На огороде все поднялось и поспело. Яблоки светились в темной листве, просились в погреб. Отцвела и поникла картофельная ботва.
Дома встретили нас так, словно мы с того света вернулись. Ужасались моей худобе, буйству крепенького Мишаньки, который въехал во двор на коне и прямо с седла свалился на бабушку.
Утром всей семьей мы уже работали на огороде, в саду. После обеда солили капусту, сушили картошку. Через несколько дней уборка подошла к концу, и тогда я сказал Дануте:
|
— Теперь мне можно в горы.
— Один?
— Кухаревичи где-то там. Да братья Никотины со мной.
— Будь осторожен, Андрюша! Такое время, такая жестокость!..
И она заплакала.
Ранним-ранним утром, когда белесый туман так плотно укутал станицу и горы, что в трех шагах ничего не замечалось и даже звуки глохли рядом, я выехал из дому.
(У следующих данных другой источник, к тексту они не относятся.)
(* Consider the online submodular partition problem (notation in context) with $m\ge 2$ users, in which resources arrive one at a time in an arbitrary order $j_1,\dots,j_n$ (a permutation of $\mathcal{R}$) and each must be irrevocably assigned on arrival. Let $G$ be the output of GREEDY-ON on this arrival order, with $u_t$ the user chosen at time $t$, $d^o_t$ the discriminant at time $t$ and $c_{u_t}$ the curvature of $Z_{u_t}$. Let $\Omega$ be an optimal (offline) partition with $Z(\Omega)>0$. Then for every arrival order, $$\frac{Z(G)}{Z(\Omega)}\ \ge\ \min\left(1,\ \frac{1}{\max_{1\le t\le n}\left\{\frac{1}{d^o_t}+c_{u_t}\right\}}\right),$$ with conventions $1/\infty=0$, $1/0=\infty$. Consequently the competitive ratio of GREEDY-ON is at least the minimum over arrival orders of the right-hand side.
   Context: Resources $\mathcal{R}$, $|\mathcal{R}|=n$; users $\mathcal{U}$, $|\mathcal{U}|=m$; each user $u$ has a monotone submodular $Z_u:2^{\mathcal{R}}\to\mathbb{R}$ with $Z_u(\emptyset)=0$. For $S\subseteq\mathcal{U}\times\mathcal{R}$, $S_u=\{r:(u,r)\in S\}$ and $Z(S)=\sum_u Z_u(S_u)$. A partition assigns each resource to exactly one user (a set of pairs in which each resource appears exactly once); $\Omega$ is a partition maximizing $Z$. $\rho^u_r(S)=Z_u(S_u\cup\{r\})-Z_u(S_u)$. Curvature of $Z_u$: $c_u=1-\min\{(Z_u(S\cup\{r\})-Z_u(S))/Z_u(\{r\}): S\subseteq\mathcal{R}, r\in\mathcal{R}\setminus S, Z_u(\{r\})>0\}$. GREEDY-ON: $G^0=\emptyset$; at time $t=1,\dots,n$, when resource $j_t$ arrives, assign it to a user $u_t\in\arg\max_u\rho^u_{j_t}(G^{t-1})$, breaking ties in favour of the user with least curvature $c_u$; set $G^t=G^{t-1}\cup\{(u_t,j_t)\}$; output $G=G^n$. Discriminant at time $t$: $d^o_t=\rho^{u_t}_{j_t}(G^{t-1})/\max_{u'\neq u_t}\rho^{u'}_{j_t}(G^{t-1})$ (set to $\infty$ if the denominator is $0$). *)

From HB Require Import structures.
From mathcomp Require Import all_boot all_order all_algebra.
Set Implicit Arguments. Unset Strict Implicit. Unset Printing Implicit Defensive.
Import Order.TTheory GRing.Theory Num.Theory.
Local Open Scope ring_scope.

Section OSP.
Variables (R : realFieldType) (Usr Res : finType) (Z : Usr -> {set Res} -> R).

Definition sec (S : {set Usr * Res}) (u : Usr) : {set Res} := [set r | (u, r) \in S].
Definition Ztot (S : {set Usr * Res}) : R := \sum_(u : Usr) Z u (sec S u).
Definition rho (u : Usr) (r : Res) (S : {set Usr * Res}) : R :=
  Z u (r |: sec S u) - Z u (sec S u).

Definition is_partition (S : {set Usr * Res}) : bool :=
  [forall r : Res, #|[set u | (u, r) \in S]| == 1%N].

(* The min is taken with neutral element 1; all the ratios are <= 1 for a
   monotone submodular function, so this only matters when the index set is
   empty (Z_u({r}) = 0 for all r, i.e. Z_u = 0), where it gives c_u = 0. *)
Definition curv (u : Usr) : R :=
  1 - \big[Num.min/1]_(S : {set Res})
        \big[Num.min/1]_(r : Res | (r \notin S) && (0 < Z u [set r]))
           ((Z u (r |: S) - Z u S) / Z u [set r]).

(* extended nonnegative reals: None = +infinity *)
Definition ext := option R.
Definition einv (x : ext) : ext :=
  match x with None => Some 0 | Some a => if a == 0 then None else Some a^-1 end.
Definition eaddr (x : ext) (c : R) : ext := omap (fun a => a + c) x.
Definition emax (x y : ext) : ext :=
  match x, y with Some a, Some b => Some (Num.max a b) | _, _ => None end.
Definition emin1 (x : ext) : R :=
  match x with None => 1 | Some a => Num.min 1 a end.

Definition discr (G : {set Usr * Res}) (u : Usr) (j : Res) : ext :=
  let second := \big[Num.max/0]_(v : Usr | v != u) rho v j G in
  if second == 0 then None else Some (rho u j G / second).

Definition greedy_choice (G : {set Usr * Res}) (u : Usr) (j : Res) : bool :=
  [forall v : Usr, rho v j G <= rho u j G] &&
  [forall v : Usr, (rho v j G == rho u j G) ==> (curv u <= curv v)].

Fixpoint greedy_ok (G : {set Usr * Res}) (run : seq (Usr * Res)) : bool :=
  match run with
  | [::] => true
  | (u, j) :: rest => greedy_choice G u j && greedy_ok ((u, j) |: G) rest
  end.

(* max_t { 1/d^o_t + c_{u_t} } (all terms are >= 0, so 0 is a neutral start) *)
Fixpoint bound_max (G : {set Usr * Res}) (run : seq (Usr * Res)) : ext :=
  match run with
  | [::] => Some 0
  | (u, j) :: rest =>
      emax (eaddr (einv (discr G u j)) (curv u)) (bound_max ((u, j) |: G) rest)
  end.

End OSP.

From HB Require Import structures.
From mathcomp Require Import all_boot all_order all_algebra.
From mathcomp Require Import lra.
Import Order.TTheory GRing.Theory Num.Theory.
Set Implicit Arguments. Unset Strict Implicit. Unset Printing Implicit Defensive.
Local Open Scope ring_scope.

(* Let a_t be the greedy gain at time t, o(j) the owner of j in the optimum and
   M >= 1 a bound on every 1/d^o_t + c_{u_t}.  Adding the optimal pairs to G
   one resource at a time costs, at step t, at most the gain of o(j_t) on j_t,
   which is 0 if o(j_t) = u_t and otherwise at most the second best gain
   a_t / d^o_t.  Adding the greedy pairs to the optimum gains at step t at
   least (1 - c_{u_t}) a_t, by the definition of curvature.  Hence
   Z(Omega) - Z(G) = [Z(Omega u G) - Z(G)] - [Z(Omega u G) - Z(Omega)]
   <= sum_t (1/d^o_t + c_{u_t} - 1) a_t <= (M - 1) Z(G). *)

Lemma emin1_einv_le (R : realFieldType) (B : R) :
  emin1 (einv (Some B)) <= (Num.max 1 B)^-1.
Proof.
case: (leP B 1) => B1; rewrite /= ?invr1.
  by case: eqP => _ /=; rewrite ?ge_min lexx.
by rewrite gt_eqF ?(lt_trans ltr01) //= ge_min lexx orbT.
Qed.

Lemma ratio_ge_inv (R : realFieldType) (M zg zo : R) :
  0 < M -> 0 < zo -> zo <= M * zg -> M^-1 <= zg / zo.
Proof.
move=> M_gt0 zo_gt0 zoM; rewrite ler_pdivlMr //.
by rewrite -(mulKf (lt0r_neq0 M_gt0) zg) ler_wpM2l // invr_ge0 ltW.
Qed.

Section Allocation.
Variables (R : realFieldType) (Usr Res : finType) (Z : Usr -> {set Res} -> R).

Lemma sec_setU1 (S : {set Usr * Res}) u j v :
  sec ((u, j) |: S) v = if v == u then j |: sec S v else sec S v.
Proof.
apply/setP => r; case: (eqVneq v u) => [->|ne]; rewrite /sec !inE xpair_eqE ?eqxx //.
by rewrite (negbTE ne).
Qed.

Lemma sec_subset (A B : {set Usr * Res}) v : A \subset B -> sec A v \subset sec B v.
Proof. by move=> AB; apply/subsetP => r; rewrite !inE; apply: (subsetP AB). Qed.

Lemma Ztot_setU1 (S : {set Usr * Res}) u j :
  Ztot Z ((u, j) |: S) = Ztot Z S + rho Z u j S.
Proof.
rewrite /Ztot (bigD1 u) //= [in RHS](bigD1 u) //= sec_setU1 eqxx.
rewrite (eq_bigr (fun v => Z v (sec S v))); last first.
  by move=> v nv; rewrite sec_setU1 (negbTE nv).
rewrite /rho; lra.
Qed.

Lemma rho_mem (S : {set Usr * Res}) u j : (u, j) \in S -> rho Z u j S = 0.
Proof. by move=> ujS; rewrite /rho (setUidPr _) ?subrr // sub1set inE. Qed.

Hypothesis Z0 : forall u, Z u set0 = 0.
Hypothesis Zmono : forall u (A B : {set Res}), A \subset B -> Z u A <= Z u B.
Hypothesis Zsubmod :
  forall u (A B : {set Res}), Z u (A :|: B) + Z u (A :&: B) <= Z u A + Z u B.

Lemma Ztot_ge0 S : 0 <= Ztot Z S.
Proof. by apply: sumr_ge0 => v _; rewrite -(Z0 v) Zmono ?sub0set. Qed.

Lemma rho_ge0 u j S : 0 <= rho Z u j S.
Proof. by rewrite subr_ge0; apply: Zmono; apply: subsetUr. Qed.

Lemma marginal_antimono u (A B : {set Res}) r :
  A \subset B -> Z u (r |: B) - Z u B <= Z u (r |: A) - Z u A.
Proof.
move=> AB; have := Zsubmod u (r |: A) B.
rewrite -setUA (setUidPr AB).
have : Z u A <= Z u ((r |: A) :&: B) by apply: Zmono; rewrite subsetI subsetUr AB.
lra.
Qed.

Lemma rho_antimono u j (A B : {set Usr * Res}) :
  A \subset B -> rho Z u j B <= rho Z u j A.
Proof. by move=> AB; apply/marginal_antimono/sec_subset. Qed.

Lemma rho_le_single u j S : rho Z u j S <= Z u [set j].
Proof.
by have := marginal_antimono u j (sub0set (sec S u)); rewrite setU0 Z0 subr0.
Qed.

Lemma curv_le1 u : curv Z u <= 1.
Proof.
rewrite /curv lerBlDr lerDl.
apply: le_bigmin => [|A _]; first exact: ler01.
apply: le_bigmin => [|r /andP[_ Zr]]; first exact: ler01.
by apply: divr_ge0; [rewrite subr_ge0 Zmono ?subsetUr | exact: ltW].
Qed.

Lemma curv_marginal u (A : {set Res}) r :
  r \notin A -> 0 < Z u [set r] -> (1 - curv Z u) * Z u [set r] <= Z u (r |: A) - Z u A.
Proof.
move=> rA Zr; rewrite -ler_pdivlMr // /curv opprB addrCA subrr addr0.
apply: le_trans (bigmin_le _ A _) _.
by apply: (bigmin_le_cond _ (j := r)); rewrite rA Zr.
Qed.

Lemma curv_rho u j (G S : {set Usr * Res}) :
  j \notin sec S u -> (1 - curv Z u) * rho Z u j G <= rho Z u j S.
Proof.
move=> jS; have c1 : 0 <= 1 - curv Z u by rewrite subr_ge0 curv_le1.
have [Zj|Zj] := ltP 0 (Z u [set j]).
  exact: le_trans (ler_wpM2l c1 (rho_le_single _ _ _)) (curv_marginal jS Zj).
have -> : rho Z u j G = 0.
  by apply/eqP; rewrite eq_le rho_ge0 andbT (le_trans (rho_le_single _ _ _)).
by rewrite mulr0 rho_ge0.
Qed.

Lemma Ztot_set0 : Ztot Z set0 = 0.
Proof.
rewrite /Ztot big1 // => v _.
by rewrite (_ : sec set0 v = set0) ?Z0 //; apply/setP => r; rewrite !inE.
Qed.

Definition ext_le (x : ext R) (M : R) : bool := if x is Some a then a <= M else false.

Lemma ext_le_emax (x y : ext R) M : ext_le (emax x y) M = ext_le x M && ext_le y M.
Proof. by case: x => [a|]; case: y => [b|] //=; rewrite ?ge_max ?andbF. Qed.

(* [1/d + c <= M] cleared of denominators: every rival gain is at most
   [(M - c) a], also when the second best gain is 0 and [d] is infinite. *)
Lemma greedy_rival_bound G u j v M :
  greedy_choice Z G u j -> ext_le (eaddr (einv (discr Z G u j)) (curv Z u)) M ->
  v != u -> rho Z v j G <= (M - curv Z u) * rho Z u j G.
Proof.
case/andP=> /forallP rho_max _; rewrite /discr.
set s := \big[Num.max/0]_(w | w != u) rho Z w j G => bound vu.
have vs : rho Z v j G <= s by apply: (le_bigmax_cond _ (j := v)).
apply: le_trans vs _; have [s0|s_neq0] := eqVneq s 0.
  move: bound; rewrite s0 eqxx /= add0r => cM.
  by apply: mulr_ge0; [rewrite subr_ge0 | exact: rho_ge0].
have s_gt0 : 0 < s by rewrite lt_def s_neq0 bigmax_ge_id.
have a_gt0 : 0 < rho Z u j G.
  apply: lt_le_trans s_gt0 _.
  by apply: bigmax_le => [|w _]; [exact: rho_ge0 | exact: rho_max].
move: bound; rewrite (negbTE s_neq0) /= gt_eqF ?divr_gt0 //= invf_div.
by rewrite -lerBrDr -(ler_pM2r a_gt0) divfK ?gt_eqF.
Qed.

Lemma partition_owner (S : {set Usr * Res}) :
  is_partition S -> exists owner, forall v r, ((v, r) \in S) = (v == owner r).
Proof.
move=> /forallP Spart.
have /fin_all_exists[owner Sowner] :
    forall r, exists v, forall w, ((w, r) \in S) = (w == v).
  by move=> r; have /cards1P[v Sv] := Spart r; exists v => w; rewrite -in_set1 -Sv inE.
by exists owner => v r; apply: Sowner.
Qed.

Section Optimum.
Variables (Omega : {set Usr * Res}) (owner : Res -> Usr).
Hypothesis Omega_owner : forall v r, ((v, r) \in Omega) = (v == owner r).

Definition Omega_on (js : seq Res) : {set Usr * Res} := [set x in Omega | x.2 \in js].

Lemma Omega_on_all js : (forall r, r \in js) -> Omega_on js = Omega.
Proof. by move=> js_all; apply/setP => x; rewrite inE js_all andbT. Qed.

Lemma Omega_on_cons j js : Omega_on (j :: js) = (owner j, j) |: Omega_on js.
Proof.
apply/setP => -[v r]; rewrite !inE Omega_owner xpair_eqE.
by case: (eqVneq r j) => [->|_]; rewrite ?andbT ?andbF //=; case: (v == owner j).
Qed.

Lemma greedy_step_bound (G W : {set Usr * Res}) u j M :
  1 <= M -> greedy_choice Z G u j ->
  ext_le (eaddr (einv (discr Z G u j)) (curv Z u)) M ->
  G \subset W -> (u, j) \in W ->
  rho Z (owner j) j W - rho Z u j (Omega :|: G) <= (M - 1) * rho Z u j G.
Proof.
move=> M1 choice bound GW ujW; have a0 := rho_ge0 u j G.
have [ou|ou] := eqVneq (owner j) u.
  rewrite ou rho_mem // add0r (le_trans _ (mulr_ge0 _ a0)) ?subr_ge0 //.
  by rewrite oppr_le0 rho_ge0.
have rival := le_trans (rho_antimono _ _ GW) (greedy_rival_bound choice bound ou).
suff : (1 - curv Z u) * rho Z u j G <= rho Z u j (Omega :|: G) by lra.
have [ujG|ujG] := boolP ((u, j) \in G).
  by rewrite rho_mem // mulr0 rho_ge0.
by apply: curv_rho; rewrite inE in_setU Omega_owner eq_sym (negbTE ou).
Qed.

(* [G] is the current greedy state and [W] the final greedy allocation, to
   which the optimal pairs of the remaining resources are being added. *)
Lemma greedy_telescope (rn : seq (Usr * Res)) (G W : {set Usr * Res}) M :
  1 <= M -> greedy_ok Z G rn -> ext_le (bound_max Z G rn) M ->
  G :|: [set x in rn] \subset W ->
  Ztot Z (W :|: Omega_on (map snd rn)) - Ztot Z W
    - (Ztot Z (Omega :|: (G :|: [set x in rn])) - Ztot Z (Omega :|: G))
  <= (M - 1) * (Ztot Z (G :|: [set x in rn]) - Ztot Z G).
Proof.
move=> M1; elim: rn G W => [|[u j] rest IH] G W /=.
  have -> : [set x in [::]] = set0 :> {set Usr * Res} by apply/setP => x; rewrite !inE.
  have -> : Omega_on [::] = set0 by apply/setP => x; rewrite !inE andbF.
  by rewrite !setU0 !subrr mulr0.
case/andP=> choice ok; rewrite ext_le_emax => /andP[bound_t bound_rest] GW.
have Gcons : G :|: [set x in (u, j) :: rest] = ((u, j) |: G) :|: [set x in rest].
  by apply/setP => x; rewrite !inE; bool_congr.
rewrite Gcons in GW *.
have -> : W :|: Omega_on (j :: map snd rest)
           = ((owner j, j) |: W) :|: Omega_on (map snd rest).
  by rewrite Omega_on_cons setUCA setUA.
have {IH} := IH _ ((owner j, j) |: W) ok bound_rest (subset_trans GW (subsetUr _ _)).
rewrite (setUCA Omega [set (u, j)] G) !Ztot_setU1 mulrDr.
have GW' : G \subset W := subset_trans (subset_trans (subsetUr _ _) (subsetUl _ _)) GW.
have ujW : (u, j) \in W by apply: (subsetP GW); rewrite !inE eqxx.
have := greedy_step_bound M1 choice bound_t GW' ujW; lra.
Qed.

End Optimum.
End Allocation.

Theorem theorem5 (R : realFieldType) (Usr Res : finType)
  (Z : Usr -> {set Res} -> R)
  (Hm : (2 <= #|Usr|)%N)
  (Hz0 : forall u, Z u set0 = 0)
  (Hmono : forall u (A B : {set Res}), A \subset B -> Z u A <= Z u B)
  (Hsub : forall u (A B : {set Res}), Z u (A :|: B) + Z u (A :&: B) <= Z u A + Z u B)
  (Omega : {set Usr * Res})
  (HOpart : is_partition Omega)
  (HOopt : forall P : {set Usr * Res}, is_partition P -> Ztot Z P <= Ztot Z Omega)
  (HOpos : 0 < Ztot Z Omega)
  (run : seq (Usr * Res))
  (Horder : perm_eq (map snd run) (enum Res))
  (Hgreedy : greedy_ok Z set0 run) :
  emin1 (einv (bound_max Z set0 run)) <= Ztot Z [set x in run] / Ztot Z Omega.
Proof.
case bound: (bound_max Z set0 run) => [B|]; last first.
  by rewrite /= ge_min divr_ge0 ?orbT ?(Ztot_ge0 Hz0 Hmono) ?ltW.
have [owner Omega_owner] := partition_owner HOpart.
set M := Num.max 1 B; have M1 : 1 <= M by rewrite le_max lexx.
have bound_M : ext_le (bound_max Z set0 run) M by rewrite bound /= le_max lexx orbT.
have run_W : set0 :|: [set x in run] \subset [set x in run] by rewrite set0U.
have run_all : forall r, r \in map snd run by move=> r; rewrite (perm_mem Horder) mem_enum.
have := greedy_telescope Hz0 Hmono Hsub Omega_owner M1 Hgreedy bound_M run_W.
rewrite set0U setU0 Ztot_set0 // Omega_on_all // setUC => telescope.
apply: le_trans (emin1_einv_le B) (ratio_ge_inv _ HOpos _).
  exact: lt_le_trans ltr01 M1.
rewrite -/M; lra.
Qed.
Lemma dexpect_dproj d th1 Delta L f :
  dexpect (dproj d th1 Delta L) f =
  dexpect L (fun x => dexpect (proj_pt d th1 Delta x) f).
Proof.
rewrite /dexpect big_flatten /= big_map; apply: eq_bigr => a _.
by rewrite big_map mulr_sumr; apply: eq_bigr => b _ /=; rewrite mulrA.
Qed.

Lemma cdf_dmass d L (x : nat -> R) (k : 'I_d) :
  cdf (fun j : 'I_d => dmass L (x j)) k =
  dexpect L (fun y => \sum_(j < d | (j <= k)%N) (y == x j)%:R).
Proof.
rewrite /cdf /dmass /dexpect; under eq_bigr do rewrite big_mkcond.
rewrite exchange_big /=; apply: eq_bigr => a _; rewrite mulr_sumr.
by apply: eq_bigr => j _; case: eqP; rewrite ?mulr1 ?mulr0.
Qed.

End FiniteLaws.

Section Grid.
Variables (R : realType) (th1 Delta : R) (n : nat).
Hypothesis Delta_gt0 : 0 < Delta.
Local Notation th := (theta th1 Delta).
Local Notation scaled x := ((x - th1) / Delta).

Lemma theta_inj : injective th.
Proof.
move=> a b /addrI /mulIf; rewrite gt_eqF // => /(_ isT) /eqP.
by rewrite eqr_nat => /eqP.
Qed.

Lemma theta_leE j x : (th j <= x) = (j%:R <= scaled x).
Proof. by rewrite ler_pdivlMr // /theta; apply/idP/idP; lra. Qed.

Lemma theta_geE j x : (x <= th j) = (scaled x <= j%:R).
Proof. by rewrite ler_pdivrMr // /theta; apply/idP/idP; lra. Qed.

Lemma theta_gtE j x : (x < th j) = (scaled x < j%:R).
Proof. by rewrite ltr_pdivrMr // /theta; apply/idP/idP; lra. Qed.

Definition grid_le (k : nat) (y : R) : R := \sum_(j < n.+2 | (j <= k)%N) (y == th j)%:R.

Lemma grid_le_theta k m : (m < n.+2)%N -> grid_le k (th m) = (m <= k)%:R.
Proof.
move=> m_lt; rewrite /grid_le; under eq_bigr do rewrite (inj_eq theta_inj).
case: (leqP m k) => [m_le|k_lt].
  rewrite (bigD1 (Ordinal m_lt)) //= eqxx big1 ?addr0 // => j /andP[_].
  by rewrite -val_eqE /= eq_sym => /negbTE ->.
by rewrite big1 // => j j_le; rewrite gtn_eqF // (leq_ltn_trans j_le k_lt).
Qed.

Definition proj_cdf (k : nat) (x : R) : R := clamp01 (k.+1%:R - scaled x).

Lemma dexpect_proj_block k m x : (m < n.+1)%N ->
  dexpect (if (th m <= x)%R && (x < th m.+1)%R
           then [:: (th m, (th m.+1 - x) / Delta); (th m.+1, (x - th m) / Delta)]
           else [::]) (grid_le k)
  = ((th m <= x)%R%:R - (th m.+1 <= x)%R%:R) * proj_cdf k x.
Proof.
move=> m_lt; rewrite !theta_leE theta_gtE /proj_cdf.
case: ifP => [/andP[m_le lt_m1] | not_in].
  have m_lt2 : (m < n.+2)%N := ltnW m_lt.
  rewrite /dexpect !big_cons big_nil /= !grid_le_theta //.
  rewrite [(_.+1%:R <= _)%R]leNgt lt_m1.
  have -> : (th m.+1 - x) / Delta = m.+1%:R - scaled x.
    by rewrite /theta -!natr1; field; exact: lt0r_neq0.
  have -> : (x - th m) / Delta = scaled x - m%:R.
    by rewrite /theta; field; exact: lt0r_neq0.
  by rewrite -(@clamp01_interp _ k m) ?m_le ?lt_m1 //=; ring.
rewrite /dexpect big_nil.
have [m1_le|lt_m1] := lerP (m.+1%:R) (scaled x).
  by rewrite (le_trans _ m1_le) ?ler_nat ?leqnSn // subrr mul0r.
by move: not_in; rewrite lt_m1 andbT => ->; rewrite subrr mul0r.
Qed.

Lemma dexpect_proj_pt k x : (k < n.+1)%N ->
  dexpect (proj_pt n.+2 th1 Delta x) (grid_le k) = proj_cdf k x.
Proof.
move=> k_lt; rewrite /proj_pt -[(n.+2).-1]/n.+1 /proj_cdf.
have k1_le : 1 <= k.+1%:R :> R by rewrite ler1n.
have k1_len : k.+1%:R <= n.+1%:R :> R by rewrite ler_nat.
case: ifP => [x_le0|x_gt0].
  rewrite /dexpect big_seq1 /= grid_le_theta // mul1r clamp01_ge1 //.
  by move: x_le0; rewrite theta_geE; lra.
case: ifP => [x_ge|x_lt].
  rewrite /dexpect big_seq1 /= grid_le_theta // leqNgt k_lt mul1r clamp01_le0 //.
  by move: x_ge; rewrite theta_leE; lra.
(* Only the block of the cell containing x is nonempty; writing its indicator as
   a difference of two step functions makes the sum over the cells telescope. *)
rewrite /dexpect big_flatten big_map.
rewrite (eq_big_seq (fun m => ((th m <= x)%R%:R - (th m.+1 <= x)%R%:R) * proj_cdf k x)).
  rewrite -mulr_suml -[iota 0 n.+1]/(index_iota 0 n.+1).
  rewrite (telescope_sumr_eq (fun m => - (th m <= x)%R%:R)) => [|//|m _]; last first.
    by rewrite opprK addrC.
  by rewrite x_lt leNgt lt_def x_gt0 andbF /proj_cdf /=; ring.
by move=> m; rewrite mem_iota add0n => /andP[_ m_lt]; exact: dexpect_proj_block.
Qed.

End Grid.

Section CategoricalOperator.
Variables (R : realType) (th1 Delta : R) (n : nat).
Hypothesis Delta_gt0 : 0 < Delta.
Local Notation th := (theta th1 Delta).
Local Notation cdf_sub u v l := (cdf u (inord l) - cdf v (inord l)).

Lemma sum_inordE (u : 'I_n.+2 -> R) : \sum_k u k = \sum_(j < n.+2) u (inord j).
Proof. by apply: eq_bigr => j _; rewrite inord_val. Qed.

Lemma cdf_inordE (u : 'I_n.+2 -> R) m : (m < n.+2)%N ->
  cdf u (inord m) = \sum_(j < m.+1) u (inord j).
Proof.
move=> m_lt; rewrite /cdf inordK //.
rewrite (eq_bigr (fun j : 'I_n.+2 => u (inord j))) => [|j _]; last by rewrite inord_val.
by rewrite (eq_bigl (fun j : 'I_n.+2 => (j < m.+1)%N)) ?(big_ord_narrow m_lt).
Qed.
Одетый по-зимнему — в рыжий полушубок, шапку и крепкие сапоги, — я не ощущал холода, лишь пальцы, перевитые поводком, покраснели от влажного утренника.
Путь я выбрал такой, чтобы на Уруштене прежде всего отыскать Никотиных. Мы вместе сделаем инспекторский объезд.
Ни одна живая душа не встретилась туманным утром. Длинная тропа открылась впереди только к одиннадцати, когда солнце осилило испарения земли и съело туман. Быстро теплело. При солнце сильнее чувствовалась осень — и в позолоте кленов, и в красноте боярышника. Горьковатый запах старых дубов перебивал все другие запахи. При остановках я слышал дробный стук падающих желудей. Время откорма зверя.
Ночевал высоко в горах, где довольно скоро нашел добротно сложенный, но пустой шалаш наших егерей. Ни один из братьев не пришел и к ночи. Судя по остывшему пеплу в кострище, они отсутствовали не первый день.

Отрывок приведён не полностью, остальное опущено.